Supplied material:
Lemma ocoef0_omulA_obasis (i j k : 'I_8) :
  ocoef (omul (omul (e i) (e j)) (e k)) 0 = ocoef (omul (e i) (omul (e j) (e k))) 0.
Proof.
rewrite !omul_obasis omulZl omulZr !omul_obasis !ocoefZ !ocoef_obasis.
by apply: signr2_natr_eq; apply: omul_re_assoc_checkP.
Qed.

End Octonion.

Section LinearFun.
Variables (R : pzRingType) (U W : lmodType R) (f : U -> W).
Hypothesis f_lin : linear f.

Lemma linear_fun0 : f 0 = 0.
Proof.
have f00 : f 0 = f 0 + f 0 by have := f_lin 1 0 0; rewrite !scale1r addr0.
by apply: (addrI (f 0)); rewrite addr0 -f00.
Qed.

Lemma linear_funD x y : f (x + y) = f x + f y.
Proof. by have := f_lin 1 x y; rewrite !scale1r. Qed.

Lemma linear_funZ a x : f (a *: x) = a *: f x.
Proof. by rewrite -[a *: x]addr0 f_lin linear_fun0 addr0. Qed.

Lemma linear_funB x y : f (x - y) = f x - f y.
Proof. by rewrite linear_funD -scaleN1r linear_funZ scaleN1r. Qed.

Lemma linear_fun_sum I (r : seq I) (P : pred I) F :
  f (\sum_(i <- r | P i) F i) = \sum_(i <- r | P i) f (F i).
Proof. exact: (big_morph f linear_funD linear_fun0). Qed.

End LinearFun.

Lemma linear_iter (R : pzRingType) (U : lmodType R) (f : U -> U) n :
  linear f -> linear (iter n f).
Proof. by move=> f_lin; elim: n => [//|n IH] a x y; rewrite !iterS IH f_lin. Qed.

Lemma bounded_linear_iter (R : realType) (V : completeNormedModType R) (f : V -> V) n :
  is_bounded_linear f -> is_bounded_linear (iter n f).
Proof.
case=> f_lin [C f_bound]; split; first exact: linear_iter.
have C_ge0 : 0 <= Num.max C 0 by rewrite le_max lexx orbT.
have f_bound' x : `|f x| <= Num.max C 0 * `|x|.
  by apply: le_trans (f_bound x) _; apply: ler_wpM2r; rewrite ?le_max ?lexx.
elim: n => [|n [D iter_bound]]; first by exists 1 => x; rewrite mul1r.
exists (Num.max C 0 * D) => x /=; apply: le_trans (f_bound' _) _.
by rewrite -mulrA ler_wpM2l.
Qed.

Section BanachBimodule.
Variables (R : realType) (V : completeNormedModType R).
Variables (lm : oct R -> V -> V) (rm : V -> oct R -> V).
Hypothesis bimod : is_Banach_OBimodule lm rm.
Local Notation e := (obasis R).
Local Notation c := (rcomp lm rm).
Local Notation Re := (Defs.ReV lm rm). (* [ReV] alone is [Num.Theory.ReV] *)
Local Notation real := (is_real_elt lm rm).

Lemma lm_linear p : linear (lm p).
Proof. by case: bimod => [[_ [lin _]] _]; apply: lin. Qed.

Lemma rm_linearl p : linear (rm^~ p).
Proof. by case: bimod => [[_ [_ [lin _]]] _] a x y; apply: lin. Qed.

Lemma rm_linearr x : linear (rm x).
Proof. by case: bimod => [[_ [_ [_ lin]]] _]; apply: lin. Qed.

Lemma real_elt0 : real 0.
Proof.
split=> [p | p q]; first by rewrite (linear_fun0 (lm_linear p)) (linear_fun0 (rm_linearl p)).
by rewrite /lassoc !(linear_fun0 (lm_linear _)) subrr.
Qed.

Lemma real_eltL a x y : real x -> real y -> real (a *: x + y).
Proof.
move=> [x_comm x_assoc] [y_comm y_assoc]; split=> [p | p q].
  by rewrite (lm_linear p) (rm_linearl p) x_comm y_comm.
move: (x_assoc p q) (y_assoc p q).
by rewrite /lassoc !lm_linear => /subr0_eq -> /subr0_eq ->; rewrite subrr.
Qed.

Lemma real_eltZ a x : real x -> real (a *: x).
Proof. by move=> x_real; rewrite -[a *: x]addr0; apply: real_eltL => //; apply: real_elt0. Qed.

Lemma real_elt_sum I (r : seq I) (P : pred I) (F : I -> V) :
  (forall i, P i -> real (F i)) -> real (\sum_(i <- r | P i) F i).
Proof.
move=> F_real; apply: big_ind => //; first exact: real_elt0.
by move=> x y x_real y_real; rewrite -[x]scale1r; apply: real_eltL.
Qed.

Lemma rm_real_eltA r p q : real r -> rm (rm r p) q = rm r (omul p q).
Proof.
case=> _ r_assoc; case: bimod => [_ [_ [assoc _]]].
have [lm_m [m_rm _]] := assoc p q r.
by apply/eqP; rewrite -subr_eq0 -[_ - _]/(rassoc rm r p q) -m_rm -lm_m r_assoc.
Qed.

Lemma sum_lm_real_elt (xs : 'I_8 -> V) : (forall i, real (xs i)) ->
  \sum_(i < 8) lm (e i) (xs i) = \sum_(i < 8) rm (xs i) (e i).
Proof. by move=> xs_real; apply: eq_bigr => i _; case: (xs_real i). Qed.

Lemma rcompP x : (forall i, real (c x i)) /\ x = \sum_(i < 8) rm (c x i) (e i).
Proof.
case: bimod => [_ [_ [_ [_ decomp]]]].
have [/(epsilon_spec (inhabits (fun=> 0))) [c_real x_sum] _] := decomp x.
by split=> //; rewrite -sum_lm_real_elt.
Qed.

Lemma rcomp_sum_obasis (r : 'I_8 -> V) : (forall i, real (r i)) ->
  forall k, c (\sum_(i < 8) rm (r i) (e i)) k = r k.
Proof.
move=> r_real k; case: bimod => [_ [_ [_ [_ decomp]]]].
set x := \sum_(i < 8) _; have [c_real x_sum] := rcompP x.
by apply: (proj2 (decomp x)); split; rewrite ?sum_lm_real_elt.
Qed.

Lemma rcomp_inj z w : (forall k, c z k = c w k) -> z = w.
Proof.
move=> eq_c; rewrite (proj2 (rcompP z)) (proj2 (rcompP w)).
by apply: eq_bigr => i _; rewrite eq_c.
Qed.

Lemma rcomp_linear k : linear (c^~ k).
Proof.
move=> a x y; have [x_real x_sum] := rcompP x; have [y_real y_sum] := rcompP y.
have -> : a *: x + y = \sum_(i < 8) rm (a *: c x i + c y i) (e i).
  rewrite {1}x_sum {1}y_sum scaler_sumr -big_split /=.
  by apply: eq_bigr => i _; rewrite rm_linearl.
by rewrite rcomp_sum_obasis // => i; apply: real_eltL.
Qed.

Lemma ReV_linear : linear Re.
Proof. exact: rcomp_linear. Qed.

Lemma rm_expansion y q : rm y q = \sum_(l < 8) ocoef q l *: rm y (e l).
Proof.
rewrite {1}(oct_expansion q) (linear_fun_sum (rm_linearr y)).
by apply: eq_bigr => l _; rewrite (linear_funZ (rm_linearr y)).
Qed.

Lemma rcomp_sum_rm (y : 'I_8 -> V) (q : 'I_8 -> oct R) : (forall i, real (y i)) ->
  forall k, c (\sum_(i < 8) rm (y i) (q i)) k = \sum_(i < 8) ocoef (q i) k *: y i.
Proof.
move=> y_real k.
have -> : \sum_(i < 8) rm (y i) (q i) =
          \sum_(l < 8) rm (\sum_(i < 8) ocoef (q i) l *: y i) (e l).
  under [RHS]eq_bigr => l _ do rewrite (linear_fun_sum (rm_linearl (e l))).
  rewrite exchange_big /=; apply: eq_bigr => i _; rewrite rm_expansion.
  by apply: eq_bigr => l _; rewrite (linear_funZ (rm_linearl _)).
by rewrite rcomp_sum_obasis // => l; apply: real_elt_sum => i _; apply: real_eltZ.
Qed.

Lemma rm_rcomp y q : rm y q = \sum_(i < 8) rm (c y i) (omul (e i) q).
Proof.
have [y_real y_sum] := rcompP y.
rewrite {1}y_sum (linear_fun_sum (rm_linearl q)); apply: eq_bigr => i _.
exact: rm_real_eltA.
Qed.

Lemma ReV_rm_obasis y k : Re (rm y (e k)) = oconj_sign R k *: c y k.
Proof.
have [y_real _] := rcompP y.
rewrite /Defs.ReV rm_rcomp rcomp_sum_rm // (bigD1 k) //= big1 ?addr0.
  by rewrite ocoef0_omul_obasis eqxx mulr1.
by move=> i ni; rewrite ocoef0_omul_obasis (negbTE ni) mulr0 scale0r.
Qed.

Lemma rcomp_ReV_rm y k : c y k = oconj_sign R k *: Re (rm y (e k)).
Proof. by rewrite ReV_rm_obasis scalerA oconj_sign_sqr scale1r. Qed.

Lemma ReV_rm_rm_obasis y j k :
  Re (rm (rm y (e j)) (e k)) = Re (rm y (omul (e j) (e k))).
Proof.
have [y_real _] := rcompP y.
rewrite (rm_rcomp y (e j)) (linear_fun_sum (rm_linearl _)) (rm_rcomp y).
under eq_bigr => i _ do rewrite rm_real_eltA //.
by rewrite /Defs.ReV !rcomp_sum_rm //; apply: eq_bigr => i _; rewrite ocoef0_omulA_obasis.
Qed.

Definition right_para (f : V -> V) := forall p x, Re (Bp rm f p x) = 0.

Lemma right_paraP f : right_para f <-> forall p x, Re (rm (f x) p) = Re (f (rm x p)).
Proof.
split=> para p x; last by rewrite /Bp (linear_funB ReV_linear) para subrr.
by apply/eqP; rewrite -subr_eq0 -(linear_funB ReV_linear); apply/eqP/para.
Qed.

Lemma right_para_id : right_para id.
Proof. by move=> p x; rewrite /Bp subrr (linear_fun0 ReV_linear). Qed.

Lemma right_para_rm_obasis f r i :
  right_para f -> real r -> f (rm r (e i)) = rm (f r) (e i).
Proof.
move=> /right_paraP para r_real; apply: rcomp_inj => k.
by rewrite !(rcomp_ReV_rm _ k) para rm_real_eltA // ReV_rm_rm_obasis para.
Qed.

Lemma oext_right_para f : linear f -> right_para f -> oext lm rm f =1 f.
Proof.
move=> f_lin para x; have [x_real x_sum] := rcompP x.
rewrite /oext [in RHS]x_sum (linear_fun_sum f_lin); apply: eq_bigr => i _.
by rewrite (right_para_rm_obasis i para (x_real i)).
Qed.

Lemma oext_rm f x q : linear f ->
  oext lm rm f (rm x q) = \sum_(i < 8) rm (f (c x i)) (omul (e i) q).
Proof.
move=> f_lin; have [x_real _] := rcompP x.
rewrite /oext.
under eq_bigr => k _ do
  rewrite (rm_rcomp x q) rcomp_sum_rm // (linear_fun_sum f_lin) (linear_fun_sum (rm_linearl _)).
rewrite exchange_big /=; apply: eq_bigr => i _; rewrite [RHS]rm_expansion.
by apply: eq_bigr => k _; rewrite (linear_funZ f_lin) (linear_funZ (rm_linearl _)).
Qed.

Lemma right_para_oext f : linear f -> oext lm rm f =1 f -> right_para f.
Proof.
move=> f_lin f_ext; apply/right_paraP => p x.
have para_obasis l : Re (rm (f x) (e l)) = Re (f (rm x (e l))).
  rewrite -[f x]f_ext -f_ext oext_rm // /oext (linear_fun_sum (rm_linearl _)).
  rewrite !(linear_fun_sum ReV_linear); apply: eq_bigr => i _.
  exact: ReV_rm_rm_obasis.
rewrite rm_expansion (rm_expansion x p) (linear_fun_sum f_lin) !(linear_fun_sum ReV_linear).
by apply: eq_bigr => l _; rewrite (linear_funZ f_lin) !(linear_funZ ReV_linear) para_obasis.
Qed.

Lemma olif_right_para f : linear f -> right_para f -> olif rm (Re \o f) =1 f.
Proof.
move=> f_lin /right_paraP para x; have [_ fx_sum] := rcompP (f x).
rewrite /olif [RHS]fx_sum; apply: eq_bigr => i _; congr (rm _ _).
rewrite /= oconj_obasis (linear_funZ (rm_linearr x)) (linear_funZ f_lin).
by rewrite (linear_funZ ReV_linear) -para [RHS]rcomp_ReV_rm.
Qed.

End BanachBimodule.

Section Powers.
Variables (R : realType) (V : completeNormedModType R).
Variables (lm : oct R -> V -> V) (rm : V -> oct R -> V) (T : V -> V).
Hypotheses (bimod : is_Banach_OBimodule lm rm) (T_BRO : is_BRO lm rm T).
Local Notation para := (right_para lm rm).

Let T_lin : linear T := proj1 (proj1 T_BRO).

Lemma BRO_iterP n : is_BRO lm rm (iter n T) <-> para (iter n T).
Proof. by split=> [[]//|]; split=> //; apply: bounded_linear_iter; case: T_BRO. Qed.

Lemma circpow_iter n : para (iter n T) -> circpow lm rm T n =1 iter n T.
Proof. by apply: (oext_right_para bimod); apply: linear_iter. Qed.

Lemma powcirc_iter n : para (iter n T) -> powcirc lm rm T n =1 iter n T.
Proof. by apply: (olif_right_para bimod); apply: linear_iter. Qed.
(* Let $\Gamma=(\mathcal{A},\mathcal{R})$ be a finite argumentation framework with $|\mathcal{A}|=k$ and indexing $\phi$, and let $\Pi_\Gamma$ be a CNF formula over $\mathrm{VARS}(\Gamma)$ whose satisfying assignments are exactly those assignments for which setting $\mathcal{L}ab(\phi(i))=\mathtt{in}/\mathtt{out}/\mathtt{undec}$ according as $I_i/O_i/U_i$ is true yields a well-defined complete labelling of $\Gamma$ with at least one argument labelled $\mathtt{in}$. Let $SS$ be any procedure which, given a CNF formula, returns some satisfying assignment if one exists and the symbol $\varepsilon$ otherwise (the choice among satisfying assignments being arbitrary). For an assignment $\nu$ let $\mathrm{INARGS}(\nu)=\{\phi(i): I_i \text{ true in }\nu\}$. Consider the following procedure PrefSat: Set $E_p:=\emptyset$ and $cnf:=\Pi_\Gamma$. Outer loop: set $cnfdf:=cnf$ and $prefcand:=$ undefined. Inner loop: let $\nu:=SS(cnfdf)$; if $\nu\ne\varepsilon$, set $prefcand:=\nu$, $S:=\mathrm{INARGS}(\nu)$, and replace $cnfdf$ by $cnfdf\wedge\bigwedge_{a\in S}I_{\phi^{-1}(a)}\wedge\big(\bigvee_{a\in\mathcal{A}\setminus S}I_{\phi^{-1}(a)}\big)$ (an empty disjunction being false); repeat the inner loop as long as $\nu\neq\varepsilon$ and $\mathrm{INARGS}(\nu)\neq\mathcal{A}$. After the inner loop, if $prefcand$ is defined, set $E_p:=E_p\cup\{\mathrm{INARGS}(prefcand)\}$ and replace $cnf$ by $cnf\wedge\bigvee_{a\in\mathcal{A}\setminus\mathrm{INARGS}(prefcand)}I_{\phi^{-1}(a)}$ (an empty disjunction being false); repeat the outer loop as long as $prefcand$ is defined. Finally, if $E_p=\emptyset$ set $E_p:=\{\emptyset\}$, and return $E_p$. Then, for every choice of outputs of $SS$, PrefSat terminates and returns exactly the set of preferred extensions of $\Gamma$.
   Context: An argumentation framework is a pair $(\mathcal{A},\mathcal{R})$ with $\mathcal{A}$ a finite set and $\mathcal{R}\subseteq\mathcal{A}\times\mathcal{A}$; $b$ attacks $a$ iff $(b,a)\in\mathcal{R}$, and $a^-=\{b:(b,a)\in\mathcal{R}\}$. A set $S\subseteq\mathcal{A}$ is conflict-free if no $a,b\in S$ with $b$ attacking $a$; $a$ is acceptable w.r.t. $S$ if every attacker of $a$ is attacked by some element of $S$; $S$ is admissible if conflict-free and every element of $S$ is acceptable w.r.t. $S$; $S$ is a preferred extension if it is a maximal (w.r.t. set inclusion) admissible set. A total function $\mathcal{L}ab:\mathcal{A}\to\{\mathtt{in},\mathtt{out},\mathtt{undec}\}$ is a complete labelling iff for every $a$: $\mathcal{L}ab(a)=\mathtt{in}\Leftrightarrow\forall b\in a^-\ \mathcal{L}ab(b)=\mathtt{out}$; $\mathcal{L}ab(a)=\mathtt{out}\Leftrightarrow\exists b\in a^-\ \mathcal{L}ab(b)=\mathtt{in}$; $\mathcal{L}ab(a)=\mathtt{undec}\Leftrightarrow(\forall b\in a^-\ \mathcal{L}ab(b)\ne\mathtt{in}\wedge\exists c\in a^-\ \mathcal{L}ab(c)=\mathtt{undec})$. An indexing is a bijection $\phi:\{1,\dots,k\}\to\mathcal{A}$, and $\mathrm{VARS}(\Gamma)=\bigcup_{i=1}^k\{I_i,O_i,U_i\}$ are boolean variables. *)

From HB Require Import structures.
From mathcomp Require Import all_boot.
Set Implicit Arguments. Unset Strict Implicit. Unset Printing Implicit Defensive.
Lemma expRN2_le_1B (R : realType) (x : R) : 0 <= x <= 2^-1 ->
  expR (- (2 * x)) <= 1 - x.
Proof.
move=> /andP[x0 x2].
have pos_1D2x : 0 < 1 + 2 * x by lra.
rewrite expRN; apply: (@le_trans _ _ (1 + 2 * x)^-1).
- by rewrite lef_pV2 ?posrE ?expR_gt0 ?expR_ge1Dx.
- by rewrite -[X in X <= _]mulr1 ler_pdivrMl //; nra.
Qed.

Section RealBounds.
Variable R : realType.

Lemma powR_invn_expn (L : R) (q : nat) : 0 <= L -> (0 < q)%N ->
  (L `^ q%:R^-1) ^+ q = L.
Proof.
move=> L0 q0; rewrite -powR_mulrn ?powR_ge0 // -powRrM mulVf ?powRr1 //.
by rewrite pnatr_eq0 -lt0n.
Qed.

Lemma exists_bin_ge (q : nat) (L : R) : (0 < q)%N -> 1 <= L ->
  exists k : nat,
    [/\ (q < k)%N, L + 1 <= 'C(k, q)%:R & k%:R <= 4 * q%:R * L `^ q%:R^-1].
Proof.
move=> q0 L1; set a := L `^ q%:R^-1.
have a1 : 1 <= a.
  have -> : 1 = 1 `^ q%:R^-1 :> R by rewrite powR1.
  by rewrite ge0_ler_powR ?invr_ge0 ?ler0n ?nnegrE ?ler01 ?(le_trans ler01).
have aq : a ^+ q = L by rewrite powR_invn_expn ?(le_trans ler01).
set t := (Num.truncn (2 * a)).+1.
have t_gt : 2 * a < t%:R by apply: truncnS_gt.
have t_le : t%:R <= 2 * a + 1.
  by rewrite /t -addn1 natrD lerD2r truncn_le mulr_ge0 ?powR_ge0.
have t2 : (2 <= t)%N by rewrite -(ler_nat R) (le_trans _ (ltW t_gt)) //; lra.
exists (q * t)%N; split.
- by rewrite -[X in (X < _)%N]muln1 ltn_pmul2l.
- have qk : (q <= q * t)%N by rewrite leq_pmulr ?(leq_trans _ t2).
  apply: le_trans (@expn_div_le_bin R _ _ qk).
  have -> : (q * t)%:R / q%:R = t%:R :> R.
    by rewrite natrM mulrAC divff ?mul1r // pnatr_eq0 -lt0n.
  apply: le_trans (_ : (2 * a) ^+ q <= _); last by rewrite lerXn2r ?nnegrE ?ltW //; lra.
  rewrite exprMn aq; have : 2 ^+ 1 <= 2 ^+ q :> R by rewrite ler_eXn2l ?ltr1n.
  by rewrite expr1; nra.
- have q1 : 1 <= q%:R :> R by rewrite ler1n.
  rewrite natrM; have : q%:R * t%:R <= q%:R * (2 * a + 1) :> R by rewrite ler_wpM2l.
  nra.
Qed.

Lemma powR_div_le_expn (eps N : R) (k : nat) : 0 < eps <= 1 -> (0 < k)%N ->
  k%:R <= N -> (eps / N) `^ N <= (eps / k%:R) ^+ k.
Proof.
move=> /andP[e0 e1] k0 kN; have k1 : 1 <= k%:R :> R by rewrite ler1n.
have N0 : 0 < N by lra.
have base01 : 0 < eps / N <= 1 by rewrite divr_gt0 // ler_pdivrMr //; lra.
rewrite -powR_mulrn ?divr_ge0 ?(ltW e0) ?ler0n //.
apply: le_trans (ger_powR base01 kN) _.
rewrite ge0_ler_powR ?nnegrE ?divr_ge0 ?ler0n ?(ltW e0) ?(ltW N0) //.
by rewrite ler_pM2l // lef_pV2 ?posrE ?ltr0n.
Qed.

Lemma bin_bernoulli_ge (c : R) (k r : nat) : 0 <= c <= 2^-1 -> (r <= k)%N ->
  expR (- (2 * (c * k%:R))) * (c * k%:R / r%:R) ^+ r <=
  'C(k, r)%:R * (c ^+ r * (1 - c) ^+ (k - r)).
Proof.
move=> /andP[c0 c2] rk.
have binomial_part : (c * k%:R / r%:R) ^+ r <= 'C(k, r)%:R * c ^+ r.
  rewrite -mulrA exprMn mulrC ler_wpM2r ?exprn_ge0 //.
  exact: expn_div_le_bin.
have bernoulli_part : expR (- (2 * (c * k%:R))) <= (1 - c) ^+ (k - r).
  apply: le_trans (_ : (1 - c) ^+ k <= _); last first.
    by rewrite ler_wiXn2l ?leq_subr // ?gerBl //; lra.
  rewrite mulrA -mulNr expRM_natr lerXn2r ?nnegrE ?expR_ge0 ?expRN2_le_1B ?c0 //.
  lra.
by rewrite [leRHS]mulrA [leLHS]mulrC ler_pM ?exprn_ge0 ?expR_ge0 ?divr_ge0 ?mulr_ge0.
Qed.

End RealBounds.

Section BernoulliProduct.
Variables (R : realType) (m : nat).
Implicit Types (w : {set 'I_m} -> R) (p : 'I_m -> R) (x : {ffun 'I_m -> bool}).

Lemma outcome_prob_ge0 p x : is_prob_vec p -> 0 <= outcome_prob p x.
Proof.
move=> p01; apply: prodr_ge0 => i _; have /andP[? ?] := p01 i.
by case: (x i); lra.
Qed.

Lemma Prob_subset p (E1 E2 : pred {ffun 'I_m -> bool}) :
  is_prob_vec p -> (forall x, E1 x -> E2 x) -> Prob p E1 <= Prob p E2.
Proof.
move=> p01 E12; rewrite /Prob [leRHS]big_mkcond [leLHS]big_mkcond /=.
apply: ler_sum => x _; case E1x: (E1 x); first by rewrite (E12 x).
by case: (E2 x); rewrite ?outcome_prob_ge0.
Qed.

Lemma Expect_prod_set p (h : {set 'I_m}) :
  Expect p (fun x => \prod_(v in h) (x v)%:R) = \prod_(v in h) p v.
Proof.
pose F i (b : bool) : R :=
  (if b then p i else 1 - p i) * (if i \in h then (b : nat)%:R else 1).
transitivity (\prod_i \sum_(b : bool) F i b).
  rewrite (bigA_distr_bigA F) /=; apply: eq_bigr => x _.
  by rewrite /outcome_prob /F big_split /= [in X in _ * X = _]big_mkcond.
rewrite [RHS]big_mkcond; apply: eq_bigr => i _; rewrite big_bool /F.
by case: (i \in h) => /=; lra.
Qed.

Lemma Expect_poly_eval w p :
  Expect p (poly_eval w) = \sum_h w h * \prod_(v in h) p v.
Proof.
rewrite /Expect /poly_eval; under eq_bigr do rewrite mulr_sumr.
rewrite exchange_big /=; apply: eq_bigr => h _.
under eq_bigr do rewrite mulrCA.
by rewrite -mulr_sumr; congr (_ * _); exact: Expect_prod_set.
Qed.

Lemma outcome_prob_cst (c : R) x :
  outcome_prob (fun=> c) x =
  c ^+ #|[set i | x i]| * (1 - c) ^+ (m - #|[set i | x i]|).
Proof.
rewrite /outcome_prob (bigID (fun i => x i)) /=.
rewrite (eq_bigr (fun=> c)) => [|i ->//].
rewrite [X in _ * X](eq_bigr (fun=> 1 - c)) => [|i /negbTE -> //].
have -> : (m - #|[set i | x i]|)%N = #|~: [set i | x i]|.
  by rewrite [in RHS]cardsCs setCK card_ord.
rewrite !prodr_const.
congr (_ ^+ _ * _ ^+ _).
  by apply: eq_card => i; rewrite inE.
by apply: eq_card => i; rewrite !inE.
Qed.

Problem: Report every line of the preceding listing where the string "RealBounds" occurs.

Your solution:
Section RealBounds.
End RealBounds.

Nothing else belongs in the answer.